The symptoms of global aphasia are those of severe Broca's aphasia and Wernicke's aphasia combined. There is an almost total reduction of all aspects of spoken and written language, in expression as well as comprehension. Improvement may occur in one or both areas (expressive and receptive) over time with rehabilitation. What is interesting to point out is that in patients of global aphasia other cognitive skills remain functioning - a phenomenon affirming that language faculty is indeed a separate domain.

Global aphasia is a type of aphasia that is usually associated with a large lesion in the presylvian area. It involves a "left side blowout" which includes Broca's area, Wernicke's area and the Arcuate fasciculus.

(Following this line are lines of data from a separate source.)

(* Let $\mathbf a=(a_1,\dots,a_k)$ be a sequence of nonnegative integers with $\sum_i a_i=n$, and let $0\le j\le k$. Then $|D_j(\mathbf a)|$ equals the coefficient of $x_1^{a_1}\cdots x_k^{a_k}$ in the power series expansion of \[ \frac{1}{(1+x_1)\cdots(1+x_j)(1-x_1-\dots-x_k)}. \]
   Context: For $\mathbf a=(a_1,\dots,a_k)$ with nonnegative integer entries summing to $n$, put $c_0=0$, $c_j=a_1+\dots+a_j$, and let the $j$-th block be $A_j=\{c_{j-1}+1,\dots,c_j\}\subseteq[n]$ (possibly empty). Let $S_{\mathbf a}\subseteq S_n$ be the set of permutations $\pi$ of $[n]$ such that $\pi_i>\pi_{i+1}$ whenever $i$ and $i+1$ lie in the same block (no condition when they lie in different blocks). A fixed point of $\pi$ is an $i$ with $\pi_i=i$. $D_j(\mathbf a)$ denotes the set of permutations in $S_{\mathbf a}$ having no fixed point in $A_1\cup\dots\cup A_j$. *)

From mathcomp Require Import all_boot all_order all_algebra all_fingroup.
Set Implicit Arguments. Unset Strict Implicit. Unset Printing Implicit Defensive.
Import GRing.Theory Num.Theory.

(* Compositions a = (a_1,...,a_k) are {ffun 'I_k -> nat}; a_{t+1} = a t. *)
(* Positions/values of [n] = {1..n} are encoded by 'I_n = {0..n-1}
   (i <-> i-1); this shift preserves order and fixed points. *)

Definition csum k (a : {ffun 'I_k -> nat}) (t : nat) : nat :=
  \sum_(s < k | (s < t)%N) a s.

(* i and i' (1-indexed positions) lie in a common block A_{t} *)
Definition same_block k (a : {ffun 'I_k -> nat}) (i i' : nat) : bool :=
  [exists t : 'I_k, (csum a t < i)%N && (i' <= csum a t.+1)%N].

Definition in_Sa k (a : {ffun 'I_k -> nat}) n (pi : 'S_n) : bool :=
  [forall p : 'I_n, forall q : 'I_n,
     ((q == p.+1 :> nat) && same_block a p.+1 q.+1) ==> (pi q < pi p)%N].

Definition Dset k (a : {ffun 'I_k -> nat}) n (j : nat) : {set 'S_n} :=
  [set pi : 'S_n | in_Sa a pi &&
     [forall p : 'I_n, (p.+1 <= csum a j)%N ==> (pi p != p)]].

Definition series (k : nat) := {ffun 'I_k -> nat} -> int.

Definition msum k (m : {ffun 'I_k -> nat}) : nat := \sum_i m i.

Definition sone k : series k := fun m => Posz ((m == [ffun => 0%N]) : nat).

(* the variable x_{i+1} *)
Definition svar k (i : nat) : series k :=
  fun m => Posz ((m == [ffun t : 'I_k => (t == i :> nat) : nat]) : nat).

Definition sadd k (f g : series k) : series k := fun m => (f m + g m)%R.
Definition sopp k (f : series k) : series k := fun m => (- f m)%R.

(* Cauchy product: (f*g)_m = sum_{u <= m} f_u g_{m-u} *)
Definition smul k (f g : series k) : series k := fun m =>
  (\sum_(u : {ffun 'I_k -> 'I_(msum m).+1} | [forall i, (u i <= m i)%N])
     f [ffun i => (val (u i))] * g [ffun i => (m i - u i)%N])%R.

Definition prod_one_plus k (j : nat) : series k :=
  foldr (fun i acc => smul (sadd (@sone k) (@svar k i)) acc) (@sone k) (iota 0 j).

Definition one_minus_sum k : series k :=
  sadd (@sone k) (@sopp k (foldr (fun i acc => sadd (@svar k i) acc)
                              (fun _ => 0%R) (iota 0 k))).

Definition denom k (j : nat) : series k := smul (@prod_one_plus k j) (@one_minus_sum k).

From mathcomp Require Import all_boot all_order all_algebra all_fingroup.
From mathcomp Require Import zify.
Import GRing.Theory Num.Theory.
Set Implicit Arguments. Unset Strict Implicit. Unset Printing Implicit Defensive.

When injury initially occurs to all of these areas, the progression starts out with Global aphasia in the first 1-2 days due brain swelling (Edema). From there it evolves into Brocas or Wernicke's aphasia for 1-3 months (usually Broca's), then it resolves into a presidual anomic aphasia. Studies show that spontaneous improvement, if it happens, occurs within six months, but complete recovery is rare.

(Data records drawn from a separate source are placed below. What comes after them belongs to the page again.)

(* Let $E$ be a linear space of bounded, uniformly continuous complex-valued functions on $\mathbb{R}$ which is closed under uniform convergence on $\mathbb{R}$ and invariant under translations (if $f\in E$ then $f(\cdot+t)\in E$ for every $t\in\mathbb{R}$). Let $A:E\to E$ be a linear operator such that $\|Af\|_\infty\le a\|f\|_\infty$ for all $f\in E$ (with a constant $a\ge 0$), and suppose $A$ commutes with translations: $A\big(f(\cdot+t)\big)=(Af)(\cdot+t)$ for all $f\in E$, $t\in\mathbb{R}$. Then for every $p\in[1,+\infty)$, every $N>0$ and every $f\in E$, $$\|Af\|_{p,N}\le a\,\|f\|_{p,N}.$$
   Context: For $N>0$ and $p\in[1,\infty)$ define $\|f\|_{p,N}=\sup_{x\in\mathbb{R}}\Big(\int_{x-N}^{x+N}|f(t)|^p\,dt\Big)^{1/p}$. Also $\|f\|_\infty=\sup_{x\in\mathbb{R}}|f(x)|$. *)

From Stdlib Require Import Reals Lra ClassicalEpsilon.
Open Scope R_scope.

Definition Cplx : Type := (R * R)%type.
Definition Cadd (z w : Cplx) : Cplx := (fst z + fst w, snd z + snd w).
Definition Csub (z w : Cplx) : Cplx := (fst z - fst w, snd z - snd w).
Definition Cmul (z w : Cplx) : Cplx :=
  (fst z * fst w - snd z * snd w, fst z * snd w + snd z * fst w).
Definition C0 : Cplx := (0, 0).
Definition Cnorm (z : Cplx) : R := sqrt (fst z * fst z + snd z * snd z).

(* Real power x^p for x >= 0, with the convention 0^p = 0 (p > 0). *)
Definition powr (x p : R) : R := if Req_EM_T x 0 then 0 else Rpower x p.

(* Riemann integral over [a,b], total: 0 when not Riemann integrable
   (never used in that case: integrands below are continuous). *)
Definition RInt_total (g : R -> R) (a b : R) : R :=
  match excluded_middle_informative (exists pr : Riemann_integrable g a b, True) with
  | left H => RiemannInt (proj1_sig (constructive_indefinite_description _
                 (let (pr, _) := H in ex_intro (fun _ : Riemann_integrable g a b => True) pr I)))
  | right _ => 0
  end.

Definition loc_pnorm (p N : R) (f : R -> Cplx) (x : R) : R :=
  powr (RInt_total (fun t => powr (Cnorm (f t)) p) (x - N) (x + N)) (1 / p).

Definition is_pN_norm (p N : R) (f : R -> Cplx) (s : R) : Prop :=
  is_lub (fun y => exists x, y = loc_pnorm p N f x) s.
Definition is_sup_norm (f : R -> Cplx) (s : R) : Prop :=
  is_lub (fun y => exists x, y = Cnorm (f x)) s.

Definition bdd_fun (f : R -> Cplx) : Prop := exists M, forall t, Cnorm (f t) <= M.
Definition unif_cont (f : R -> Cplx) : Prop :=
  forall eps, 0 < eps -> exists delta, 0 < delta /\
    forall s t, Rabs (s - t) < delta -> Cnorm (Csub (f s) (f t)) < eps.
Definition unif_conv (fn : nat -> R -> Cplx) (g : R -> Cplx) : Prop :=
  forall eps, 0 < eps -> exists n0, forall n, (n >= n0)%nat ->
    forall t, Cnorm (Csub (fn n t) (g t)) < eps.

From Stdlib Require Import Reals Lra Lia ClassicalEpsilon.
From Coquelicot Require Import Coquelicot.
Open Scope R_scope.

(* By uniform continuity, int_{x-N}^{x+N} |g|^p is uniformly approximated by the Riemann
   sums D * sum_k |g (x - N + k D)|^p, so it suffices to treat finitely many nodes t_k.
   With w_k = Af(t_k), test A against h(y) = sum_k conj(w_k) |w_k|^(p-2) f(y + t_k):
   translation invariance and linearity give Ah(0) = sum_k |w_k|^p =: S, while Hoelder
   gives |h(y)| <= S^(1-1/p) (sum_k |f(y + t_k)|^p)^(1/p).  The sup-norm bound for A
   then yields S <= a^p sup_y sum_k |f(y + t_k)|^p, and the claim follows in the limit. *)

Lemma powr_pos u e : 0 < u -> powr u e = Rpower u e.
Proof. intros Hu. unfold powr. destruct (Req_EM_T u 0); [lra | reflexivity]. Qed.

Lemma powr_0 e : powr 0 e = 0.
Proof. unfold powr. destruct (Req_EM_T 0 0); [reflexivity | lra]. Qed.

Lemma powr_gt0 u e : 0 < u -> 0 < powr u e.
Proof. intros Hu. rewrite powr_pos by exact Hu. apply exp_pos. Qed.

Lemma powr_ge0 u e : 0 <= powr u e.
Proof.
  unfold powr. destruct (Req_EM_T u 0); [lra | left; apply exp_pos].
Qed.

Lemma powr_1 u : 0 <= u -> powr u 1 = u.
Proof.
  intros [Hu | <-]; [rewrite powr_pos by exact Hu; apply Rpower_1 | apply powr_0]; lra.
Qed.

Lemma powr_plus u e1 e2 : 0 < u -> powr u (e1 + e2) = powr u e1 * powr u e2.
Proof. intros Hu. rewrite !powr_pos by exact Hu. apply Rpower_plus. Qed.

Lemma powr_succ u e : 0 <= u -> powr u e * u = powr u (e + 1).
Proof.
  intros [Hu | <-]; [| rewrite !powr_0; ring].
  rewrite powr_plus, powr_1 by lra. reflexivity.
Qed.

Lemma powr_powr u e1 e2 : 0 <= u -> powr (powr u e1) e2 = powr u (e1 * e2).
Proof.
  intros [Hu | <-]; [| rewrite !powr_0; reflexivity].
  rewrite powr_pos by exact (powr_gt0 u e1 Hu).
  rewrite !powr_pos by exact Hu. apply Rpower_mult.
Qed.

Lemma powr_mult u v e : 0 <= u -> 0 <= v -> powr (u * v) e = powr u e * powr v e.
Proof.
  intros [Hu | <-] [Hv | <-]; try (rewrite ?Rmult_0_l, ?Rmult_0_r, !powr_0; ring).
  rewrite !powr_pos by (try apply Rmult_lt_0_compat; assumption).
  symmetry. apply Rpower_mult_distr; assumption.
Qed.

Lemma powr_div u v e : 0 <= u -> 0 < v -> powr (u / v) e = powr u e / powr v e.
Proof.
  intros Hu Hv. unfold Rdiv.
  rewrite powr_mult by (try exact Hu; left; apply Rinv_0_lt_compat, Hv).
  f_equal. rewrite !powr_pos by (try apply Rinv_0_lt_compat; exact Hv).
  unfold Rpower. rewrite ln_Rinv by exact Hv. rewrite <- exp_Ropp. f_equal. ring.
Qed.

Lemma powr_le u v e : 0 <= e -> 0 <= u <= v -> powr u e <= powr v e.
Proof.
  intros He [[Hu | <-] Huv]; [| rewrite powr_0; apply powr_ge0].
  rewrite !powr_pos by lra. apply Rle_Rpower_l; lra.
Qed.

Lemma powr_inv_powr u p : 0 < p -> 0 <= u -> powr (powr u p) (1 / p) = u.
Proof.
  intros Hp Hu. rewrite powr_powr by exact Hu.
  replace (p * (1 / p)) with 1 by (field; lra). apply powr_1, Hu.
Qed.

Lemma powr_powr_inv u p : 0 < p -> 0 <= u -> powr (powr u (1 / p)) p = u.
Proof.
  intros Hp Hu. rewrite powr_powr by exact Hu.
  replace (1 / p * p) with 1 by (field; lra). apply powr_1, Hu.
Qed.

Persons with global aphasia are usually mute or use repetitive vocalization. The person frequently uses simple words such as expletives. They are marked by a severe impairment of both understanding and expression of language. Although, they can maintain communication through gestures.

Historical Perspective

Global aphasia was recognized to be a universal damage to both the speech receptive, and producing areas of the brain. However, it's understanding did not come into existence, until Paul Broca described Broca's aphasia(a component of Global aphasia), and Carl Wernicke described Wernicke's aphasia. A collective understanding of the two seperate components of aphasia led to the description of Global aphasia.[1]

Classification

According to the Cognitive Neuropsychological Model, which classifies aphasia based on the specific function lost, Global Aphasia can be classified as a non-fluent aphasia, with poor repetition, naming and auditory comprehension. This stems from diffuse global damage to both the frontal lobe, and the temporal lobe. Both areas responsible for production, and reception of speech.

Pathophysiology

Like most forms of Aphasia, damage to the Broca's Area, in addition to Wernicke's Area, is responsible for the combination of symptoms seen in Global Aphasia. Since both areas are involved in understanding and production of speech, a cluster of symptoms encompassing both will be present. Patient can barely comprehend, or make sense, out of spoken or written language.

Causes

Global Aphasia like most aphasias, usually results from damage to the dominant speech producing hemisphere. Massive intracerebral bleeding, tumors, and medications have been implicated as causative factors of Global Aphasia. Of them all, stroke seems to be the most common cause

However, stroke, seems to be the commonest cause of Global aphasia, and occurs alongside weakened limbs, which is usually an indication of other areas of the brain being involved. For this reason alone, Global Aphasia is generally more common in the elderly.

Differentiating Global Aphasia from Other Diseases

Signs and Symptoms of Global Aphasia, can overlap, with numerous neurological conditions. These Include:

  • Central Pontine Myelinosis:
  • Cerebral Venous Thrombosis
  • Dissection Syndromes
  • Frontal Lobe syndromes
  • Glioblastoma Multiforme
  • Head Injury
  • Multiple Sclerosis
  • Pediatric Status Epilepticus
  • Secondary CNS Melanoma

Epidemiology and Demographics

Aphasia is much more prevalent in the elderly population.[6]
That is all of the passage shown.